At about 4 a.m. the following morning we were woken by our three guides, to be plied with steaming mugs of tea and chunks of bread with which to fortify ourselves for the coming assault. None of us had slept much due to the freezing temperature and uncomfortable beds, so we were not at our best. It was, of course, pitch dark, but it was essential to make an early start in order to reach the top in time to see the sunrise at 7 a.m. By torchlight our frozen bodies set out in single file across the plateau with the three native guides spaced out between us until we stopped for a much-needed breather and another mug of tea at the foot of Kibo itself. By this time we were beginning to show ominous signs of distress – extreme lassitude, splitting headaches and in my case completely numbed hands. The chief guide was most concerned, and after a vigorous hand massage and an additional pair of gloves managed to get the circulation going again. None of us suffered full-blown altitude sickness and continued on our way. 
 The following ascent was sheer torture! Ascending in a zigzag up the scree, 6-8 steps each zig/zag, was as much as we could do at a time, such was our lack of energy and breath. Here our walking sticks really came into their own to lean on when resting as much as for balance and help while climbing. Ever onwards and upwards, until, blessed relief, we reached the rim of the crater, at Gillman’s Point, 19,043 ft above sea level. Sadly the flag pole marking the spot had blown over, but was still there to mark the spot. Obligatory photos were taken to keep as proof of our conquest. We had all been born and brought up in Kenya, so none of us had experienced snow first hand and were amazed by the beauty of the ice fields along the rim.
Celebrating our success with bars of chocolate, and mugs of tea (which the guides had nobly carried up in flasks) we slowly became aware of what we had achieved. None of us cared about not continuing along the rim up to what is now known as Uhuru Peak, 600 ft higher, especially as the weather was not going to improve, and were quite content to savour the moment looking down over the thick blanket of cloud below us, highlighted by the rosy glow of the sun, which covered the whole countryside, broken only by the highest peak of Mawenzi poking its head through. That in itself was magical. We all sensed the feeling of reverence with which the native tribes regarded both Mt Kilimanjaro and Mt Kenya as the ancestral homes of their gods.

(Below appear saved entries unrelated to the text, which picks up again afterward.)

Lemma a_choice_b m m' : m \in rigid_good -> ai m' = a_choice (bi m) -> bi m' = bi m.
Proof.
move=> m_rg; have [p p_rg [<- ->]] := a_choiceP m_rg => a_m'.
exact/esym/(rigid_b_of_a (rigid_good_rigid p_rg)).
Qed.

Definition misfits := [set m in rigid_good | ai m != a_choice (bi m)].

Definition a_word m : words := [ffun j => a_sig enc j m].

Definition a_word_choice m : words :=
  [ffun j => if j == i then a_choice (bi m) else a_sig enc j m].

Lemma card_rigid_misfits : #|rigid_good| + #|misfits| <= 2 ^ (k * n).
Proof.
have misfit_rg m : m \in misfits -> m \in rigid_good by rewrite inE => /andP[].
have rg_good m : m \in rigid_good -> m \in Mgood by rewrite inE => /andP[].
rewrite -[X in _ <= X]card_words.
apply: (card_disjoint_injections (f := a_word) (g := a_word_choice)).
- move=> m1 m2 m1_rg m2_rg /ffunP a12.
  have a_eq j : a_sig enc j m1 = a_sig enc j m2 by have := a12 j; rewrite !ffunE.
  apply: (rigid_good_unique m1_rg (rg_good _ m2_rg)) => [j _|]; first exact: a_eq.
  exact: rigid_b_of_a (rigid_good_rigid m1_rg) (a_eq i).
- move=> m1 m2 /misfit_rg m1_rg /misfit_rg m2_rg /ffunP a12.
  apply: (rigid_good_unique m1_rg (rg_good _ m2_rg)) => [j j_i|].
    by have := a12 j; rewrite !ffunE (negbTE j_i).
  have [p p_rg [bp ap]] := a_choiceP m2_rg.
  have := a12 i; rewrite !ffunE eqxx ap => /esym/(a_choice_b m1_rg).
  by rewrite bp.
- move=> m1 m2 m1_rg /[dup] /misfit_rg m2_rg; rewrite inE => /andP[_ m2_misfit].
  apply/negP => /eqP/ffunP a12.
  have a_off_i j : j != i -> a_sig enc j m2 = a_sig enc j m1.
    by move=> j_i; have := a12 j; rewrite !ffunE (negbTE j_i).
  have a_i : ai m1 = a_choice (bi m2) by have := a12 i; rewrite !ffunE eqxx.
  have m21 := rigid_good_unique m2_rg (rg_good _ m1_rg) a_off_i
                 (esym (a_choice_b m2_rg a_i)).
  by move: m2_misfit; rewrite m21 a_i -m21 eqxx.
Qed.

Variable pi : word -> word.
Hypothesis pi_max : forall bh ah : word,
  #|[set m in Mgood | (ai m == ah) && (bi m == bh)]| <=
  #|[set m in Mgood | (ai m == pi bh) && (bi m == bh)]|.

Lemma card_mispredicted :
  #|[set m in Mgood | pi (bi m) != ai m]| <=
  #|[set m in Mgood | ~~ rigidb m]| + #|misfits|.
Proof.
apply: leq_trans (leq_card_mismatch a_choice pi_max) _.
apply: leq_trans (leq_card_setU _ _); apply: subset_leq_card; apply/subsetP => m.
by rewrite !inE eq_sym => /andP[-> ->]; case: (rigidb m).
Qed.

Lemma card_mispredicted_bound :
  #|[set m in Mgood | pi (bi m) != ai m]| + 3 * #|Mgood| <= 3 * 2 ^ (k * n).
Proof.
have rigid_split : #|rigid_good| + #|[set m in Mgood | ~~ rigidb m]| = #|Mgood|.
  exact: card_setId_predC.
have := card_good_nonrigid; have := card_rigid_misfits; have := card_mispredicted.
lia.
Qed.

End Network.

Local Open Scope ring_scope.

Theorem lemma3 (R : realFieldType) (V E : finType) (tail head : E -> V)
  (c : E -> nat) (k n : nat) (s_ t_ : 'I_k -> V)
  (Hacyclic : exists rank : V -> nat, forall e : E, (rank (tail e) < rank (head e))%N)
  (enc : encoder c k n) (Henc : code_local tail head s_ t_ enc)
  (dec : decoder k n)
  (Mgood : {set msg k n})
  (HMgood : forall m, m \in Mgood <-> good enc dec m)
  (eps : R) (Heps : 0 <= eps)
  (Hcard : (1 - eps) * (2 ^ (k * n))%:R <= (#|Mgood|%:R : R))
  (i : 'I_k) (pi : {ffun 'I_n -> bool} -> {ffun 'I_n -> bool})
  (Hpi : forall bh ah : {ffun 'I_n -> bool},
     (#|[set m in Mgood | (a_sig enc i m == ah) && (b_sig enc i m == bh)]|
      <= #|[set m in Mgood | (a_sig enc i m == pi bh) && (b_sig enc i m == bh)]|)%N) :
  (#|[set m in Mgood | pi (b_sig enc i m) != a_sig enc i m]|%:R : R)
    <= 3 * eps * (2 ^ (k * n))%:R.
Proof.
have [rank rank_edge] := Hacyclic.
have := card_mispredicted_bound rank_edge Henc HMgood Hpi.
rewrite -(ler_nat R) natrD !natrM; move: Hcard.
lra.
Qed.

But soon it was time to begin the descent. Easy, now that all we had to do was avoid losing balance as we slid down the loose scree in short bursts, aided by our trusty sticks. We even had the energy to bypass Peter’s Hut and continued on down to Bismark for the night. What bliss to be warmer and relaxed – only now could we fully enjoy comparing our individual highlights and lowlights of the trip. Never again, we all said, but agreed that despite the trials and tribulations we wouldn’t have missed it for worlds.